Why a Hospice Chaplain?

 

On many occasions, family members or primary caregivers of newly admitted hospice patients would ask me during an initial phone call or visit: “what are you and what exactly do you do in a hospice agency?” I would politely reply to them that “I am a chaplain and I am part of the hospice team.” Initial visits to patients and their family members are always interesting because many often assume that chaplains, as religious leaders, would be there to convert patients and family members to the chaplain’s religion. That couldn’t be further from the truth. 

 

A hospice chaplain conducts assessment, plans, and cares for the patient’s spiritual needs throughout the end-of-life process. Chaplains are trained religious professionals who are endorsed by their religious denominations to work in a particular ministry such as hospice care. Generally, chaplains possess a master’s degree in divinity or a related field such as religion. They may have attended specialized training after their graduate program such as Clinical Pastoral Education (CPE), while others may have finished doctorates such as the Doctor of Ministry (D.Min) or Doctor of Philosophy (Ph.D.). Many hospice chaplains are also ordained and experienced clergymen in their denominations.
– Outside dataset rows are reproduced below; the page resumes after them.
Lemma weight_diff_family_deg S d : size p = d.+1 ->
  (weight (diff_family P p S) d < weight P d)%N.
Proof.
move=> sp; set L := lead_coefs P d; set lp := lead_coef p.
have lpL : lp \in L by apply/mem_lead_coefsP; exists p.
have uL : uniq L by apply: undup_uniq.
have subr_inj : injective (fun a : int => a - lp) by apply: (can_inj (subrK lp)).
suff -> : weight (diff_family P p S) d = size [seq a - lp | a <- [seq a <- L | a != lp]].
  by rewrite size_map -rem_filter // size_rem // ltn_predL; case: (L) lpL.
apply/perm_size/uniq_perm; rewrite ?undup_uniq ?(map_inj_uniq subr_inj) ?filter_uniq //.
move=> x; apply/mem_lead_coefs_diffP/mapP => [[q qP [qp sqp <-]]|[a]].
  have sq : size q = d.+1.
    apply/eqP; rewrite eqn_leq -sp pmin // andbT leqNgt; apply/negP => pq.
    by move: sqp; rewrite size_polyDl ?size_polyN // => sqd; rewrite sqd sp ltnn in pq.
  have lqp : lead_coef q != lp by rewrite -(size_subr_eqsize sq sp) sqp.
  exists (lead_coef q); last exact: lead_coef_subr_eqsize sq sp sqp.
  by rewrite mem_filter lqp; apply/mem_lead_coefsP; exists q.
rewrite mem_filter => /andP[alp /mem_lead_coefsP[q qP [sq lq]]] ->.
have sqp : size (q - p) = d.+1 by apply/eqP; rewrite size_subr_eqsize // lq.
exists q => //; split=> //; last by rewrite (lead_coef_subr_eqsize sq sp sqp) lq.
by apply: contraNneq alp => qp; rewrite -lq qp.
Qed.

End DiffFamily.

Definition mono_config (P : seq {poly int}) r (c : int -> 'I_r) (M S : nat) : Prop :=
  exists (x : int) (n : nat), [/\ (0 < n <= S)%N,
    forall q, q \in P -> `|x + q.[n%:Z]| <= M%:Z &
    {in P &, forall q q', c (x + q.[n%:Z]) = c (x + q'.[n%:Z])}].

Definition pvdw (P : seq {poly int}) : Prop :=
  forall r, exists N, forall c : int -> 'I_r, mono_config P c N N.

Lemma mono_config_weaken P r (c : int -> 'I_r) M S M' S' :
  mono_config P c M S -> (M <= M')%N -> (S <= S')%N -> mono_config P c M' S'.
Proof.
move=> [x [n [/andP[n0 nS] xb xc]]] MM SS; exists x, n; split=> //.
  by rewrite n0 (leq_trans nS).
by move=> q qP; rewrite (le_trans (xb q qP)) ?lez_nat.
Qed.

Lemma mono_config_shift P r (c : int -> 'I_r) M S (w : int) K :
  `|w| <= K%:Z -> mono_config P (fun t => c (w + t)) M S -> mono_config P c (K + M) S.
Proof.
move=> wK [x [n [nS xb xc]]]; exists (w + x), n; split=> //.
  by move=> q qP; have := xb q qP; rewrite PoszD; lia.
by move=> q q' qP q'P; rewrite -!addrA; apply: xc.
Qed.

Lemma pvdw_const P (p : {poly int}) : {in P, forall q, q = p} -> pvdw P.
Proof.
move=> Pp r; exists 1%N => c; exists (- p.[1]), 1%N; split=> //.
  by move=> q qP; rewrite (Pp q qP) addNr normr0.
by move=> q q' qP q'P; rewrite (Pp q qP) (Pp q' q'P).
Qed.

(* The colour of [z] under [window_color M c] encodes the colouring [c] on
   [z - M, z + M]. *)
Definition window r M (c : int -> 'I_r) (z : int) : {ffun 'I_M.*2.+1 -> 'I_r} :=
  [ffun i : 'I_M.*2.+1 => c (z + (i%:Z - M%:Z))].

Definition window_color r M (c : int -> 'I_r) (z : int) := enum_rank (window M c z).

Lemma window_color_eq r M (c : int -> 'I_r) z1 z2 :
  window_color M c z1 = window_color M c z2 ->
  forall t, `|t| <= M%:Z -> c (z1 + t) = c (z2 + t).
Proof.
move/enum_rank_inj/ffunP => eq_win t tM.
have := eq_win (inord (absz (t + M%:Z))); rewrite !ffunE inordK; last by lia.
by have -> : (absz (t + M%:Z))%:Z - M%:Z = t by lia.
Qed.

Section Focusing.
Variables (P : seq {poly int}) (p q0 : {poly int}) (r : nat).
Hypotheses (admP : admissible P) (pP : p \in P) (q0P : q0 \in P) (q0p : q0 != p).

Definition focus_pt (q : {poly int}) (f : int) (s : nat) : int := f - p.[s%:Z] + q.[s%:Z].

(* The configuration with step [s] and base [f - p(s)] consists of the points
   [focus_pt q f s], q in P, its p-point being [f]; [focused] asks that for each
   s in ss the points off p share a colour, these colours being distinct. *)
Definition focused (c : int -> 'I_r) (M S : nat) (f : int) (ss : seq nat) : Prop :=
  [/\ all (fun s => 0 < s <= S)%N ss, `|f| <= M%:Z,
      forall s q, s \in ss -> q \in P -> q != p -> `|focus_pt q f s| <= M%:Z,
      forall s q, s \in ss -> q \in P -> q != p -> c (focus_pt q f s) = c (focus_pt q0 f s) &
      uniq [seq c (focus_pt q0 f s) | s <- ss]].

Definition focusing (u M S : nat) : Prop :=
  forall c : int -> 'I_r,
    mono_config P c M S \/ exists f ss, size ss = u /\ focused c M S f ss.

Lemma focus_pt0 q f : q \in P -> focus_pt q f 0 = f.
Proof. by move=> qP; rewrite /focus_pt (admP pP).2 (admP qP).2 subr0 addr0. Qed.

Lemma focus_pt_shift q z f s y :
  focus_pt q (z + f) (s + y) = z + (shift_diff (q - p) s%:Z).[y%:Z] + focus_pt q f s.
Proof. by rewrite /focus_pt horner_shift_diff !hornerD !hornerN PoszD [y%:Z + _]addrC; ring. Qed.

Lemma mono_of_focused c M S f ss s : focused c M S f ss -> s \in ss ->
  c f = c (focus_pt q0 f s) -> mono_config P c M S.
Proof.
case=> /allP ssS fM ptM ptc _ sss cf; exists (f - p.[s%:Z]), s; split; first exact: ssS.
  by move=> q qP; have [->|qp] := eqVneq q p; [rewrite subrK | exact: ptM].
suff col q : q \in P -> c (f - p.[s%:Z] + q.[s%:Z]) = c f.
  by move=> q q' qP q'P; rewrite !col.
move=> qP; have [->|qp] := eqVneq q p; first by rewrite subrK.
by rewrite cf; apply: ptc.
Qed.

Lemma focusing0 : focusing 0 0 0.
Proof. by move=> c; right; exists 0, [::]. Qed.

Lemma focused_extend c M S Z N (z w f : int) (y : nat) ss :
  (0 < y <= N)%N -> `|z| <= Z%:Z ->
  (forall g, g \in diff_family P p S -> `|z + g.[y%:Z]| <= Z%:Z) ->
  (forall g, g \in diff_family P p S -> forall t, `|t| <= M%:Z ->
     c (z + g.[y%:Z] + t) = c (w + t)) ->
  focused (fun t => c (w + t)) M S f ss ->
  c (w + f) \notin [seq c (w + focus_pt q0 f s) | s <- ss] ->
  focused c (Z + M) (S + N) (z + f) [seq s + y | s <- 0%N :: ss].
Proof.
move=> /andP[y0 yN] zZ gZ gw [/allP ssS fM ptM ptc ss_uniq] fresh.
have ss0S s : s \in 0%N :: ss -> (s <= S)%N.
  by rewrite inE => /predU1P[->//|/ssS/andP[]].
have gQ s q : s \in 0%N :: ss -> q \in P -> q != p ->
    shift_diff (q - p) s%:Z \in diff_family P p S.
  by move=> sss qP qp; apply/mem_diff_familyP; exists q, s; rewrite ss0S.
have ptM0 s q : s \in 0%N :: ss -> q \in P -> q != p -> `|focus_pt q f s| <= M%:Z.
  by move=> + qP; rewrite inE => /predU1P[->|/ptM]; [rewrite focus_pt0 | apply].
have pt_shift s q : s \in 0%N :: ss -> q \in P -> q != p ->
    c (focus_pt q (z + f) (s + y)) = c (w + focus_pt q f s) /\
    `|focus_pt q (z + f) (s + y)| <= (Z + M)%N%:Z.
  move=> sss qP qp; rewrite focus_pt_shift (gw _ (gQ s q sss qP qp)) ?ptM0 //; split=> //.
  by have := gZ _ (gQ s q sss qP qp); have := ptM0 s q sss qP qp; rewrite PoszD; lia.
split.
- apply/allP => _ /mapP[s sss ->]; rewrite addn_gt0 y0 orbT /=.
  by rewrite leq_add ?ss0S.
- by rewrite PoszD; lia.
- by move=> _ q /mapP[s sss ->] qP qp; case: (pt_shift s q sss qP qp).
- move=> _ q /mapP[s sss ->] qP qp.
  rewrite (pt_shift s q sss qP qp).1 (pt_shift s q0 sss q0P q0p).1.
  by move: sss; rewrite inE => /predU1P[->|/ptc->//]; rewrite !focus_pt0.
have -> : [seq c (focus_pt q0 (z + f) s) | s <- [seq s + y | s <- 0%N :: ss]] =
          [seq c (w + focus_pt q0 f s) | s <- 0%N :: ss].
  by rewrite -map_comp; apply/eq_in_map => s sss /=; rewrite (pt_shift s q0 sss q0P q0p).1.
by rewrite /= focus_pt0 // fresh.
Qed.

Lemma focusing_step u M S : pvdw (diff_family P p S) -> focusing u M S ->
  exists M' S', focusing u.+1 M' S'.
Proof.
move=> pvdwQ focusMS.
have [N HN] := pvdwQ #|{ffun 'I_M.*2.+1 -> 'I_r}|.
pose B := \max_(i < N.+1) absz (q0 - p).[i%:Z].
exists (N + B + M)%N, (S + N)%N => c.
have [z [y [yN zgN same_win]]] := HN (window_color M c).
have g0Q : shift_diff (q0 - p) 0 \in diff_family P p S.
  by apply/mem_diff_familyP; exists q0, 0%N.
have g0y : (shift_diff (q0 - p) 0).[y%:Z] = (q0 - p).[y%:Z].
  by rewrite horner_shift_diff addr0 (root0_subr admP pP q0P) subr0.
pose w := z + (q0 - p).[y%:Z].
have wN : `|w| <= N%:Z by rewrite /w -g0y; apply: zgN.
have zNB : `|z| <= (N + B)%N%:Z.
  have yB : (absz (q0 - p).[y%:Z] <= B)%N.
    by case/andP: yN => _ yN; apply: (leq_bigmax_cond (Ordinal (yN : (y < N.+1)%N))).
  by move: wN; rewrite /w PoszD; lia.
have NM : (N + M <= N + B + M)%N by rewrite leq_add2r leq_addr.
have SN : (S <= S + N)%N by rewrite leq_addr.
case: (focusMS (fun t => c (w + t))) => [mono|[f [ss [size_ss foc]]]].
  by left; apply: mono_config_weaken (mono_config_shift wN mono) NM SN.
have [old|fresh] := boolP (c (w + f) \in [seq c (w + focus_pt q0 f s) | s <- ss]).
  left; case/mapP: old => s sss cs.
  exact: mono_config_weaken (mono_config_shift wN (mono_of_focused foc sss cs)) NM SN.
right; exists (z + f), [seq s + y | s <- 0%N :: ss]; split; first by rewrite size_map /= size_ss.
apply: focused_extend foc fresh => // [g gQ|g gQ t tM].
  by rewrite PoszD (le_trans (zgN g gQ)) // lez_nat leq_addr.
by rewrite /w -g0y; apply: window_color_eq (same_win g _ gQ g0Q) t tM.
Qed.

Lemma focusing_exists u : (forall S, pvdw (diff_family P p S)) -> exists M S, focusing u M S.
Proof.
move=> pvdwQ; elim: u => [|u [M [S focusMS]]]; first by exists 0%N, 0%N; apply: focusing0.
exact: focusing_step.
Qed.

Lemma mono_config_by_focusing : (forall S, pvdw (diff_family P p S)) ->
  exists N, forall c : int -> 'I_r, mono_config P c N N.
Proof.
move=> /(focusing_exists r)[M [S focusMS]]; exists (maxn M S) => c.
have [MM SS] := (leq_maxl M S, leq_maxr M S).
case: (focusMS c) => [mono|[f [ss [size_ss foc]]]].
  exact: mono_config_weaken mono MM SS.
have /mapP[s sss cs] : c f \in [seq c (focus_pt q0 f s) | s <- ss].
  apply: contraT => fresh.
  have uniq_cols : uniq (c f :: [seq c (focus_pt q0 f s) | s <- ss]).
    by rewrite /= fresh; case: foc.
  have := uniq_leq_size uniq_cols (fun i _ => mem_enum 'I_r i).
  by rewrite /= size_map size_ss size_enum_ord ltnn.
exact: mono_config_weaken (mono_of_focused foc sss cs) MM SS.
Qed.

End Focusing.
Spirituality and religion can be critical coping factors for persons who are experiencing debilitating or terminal illnesses, and the chaplain is the right professional to assist the patients and their families in using the power of faith in order to cope with life’s challenges in the face of terminal illness. Chaplains provide a ministry of presence, provide counseling, responds to families’ spiritual distress, perform rites and rituals, reinforce spiritual coping while at the same time honoring and respecting the belief system of the patients and their families. 

 

At HOPE Palliative Care and Hospice, the chaplains’ role does not end with the patients’ passing. Our chaplains conduct follow-up bereavement and grief counseling for the family members as needed after the patients have passed away and are available in person or by phone to conduct pastoral assistance.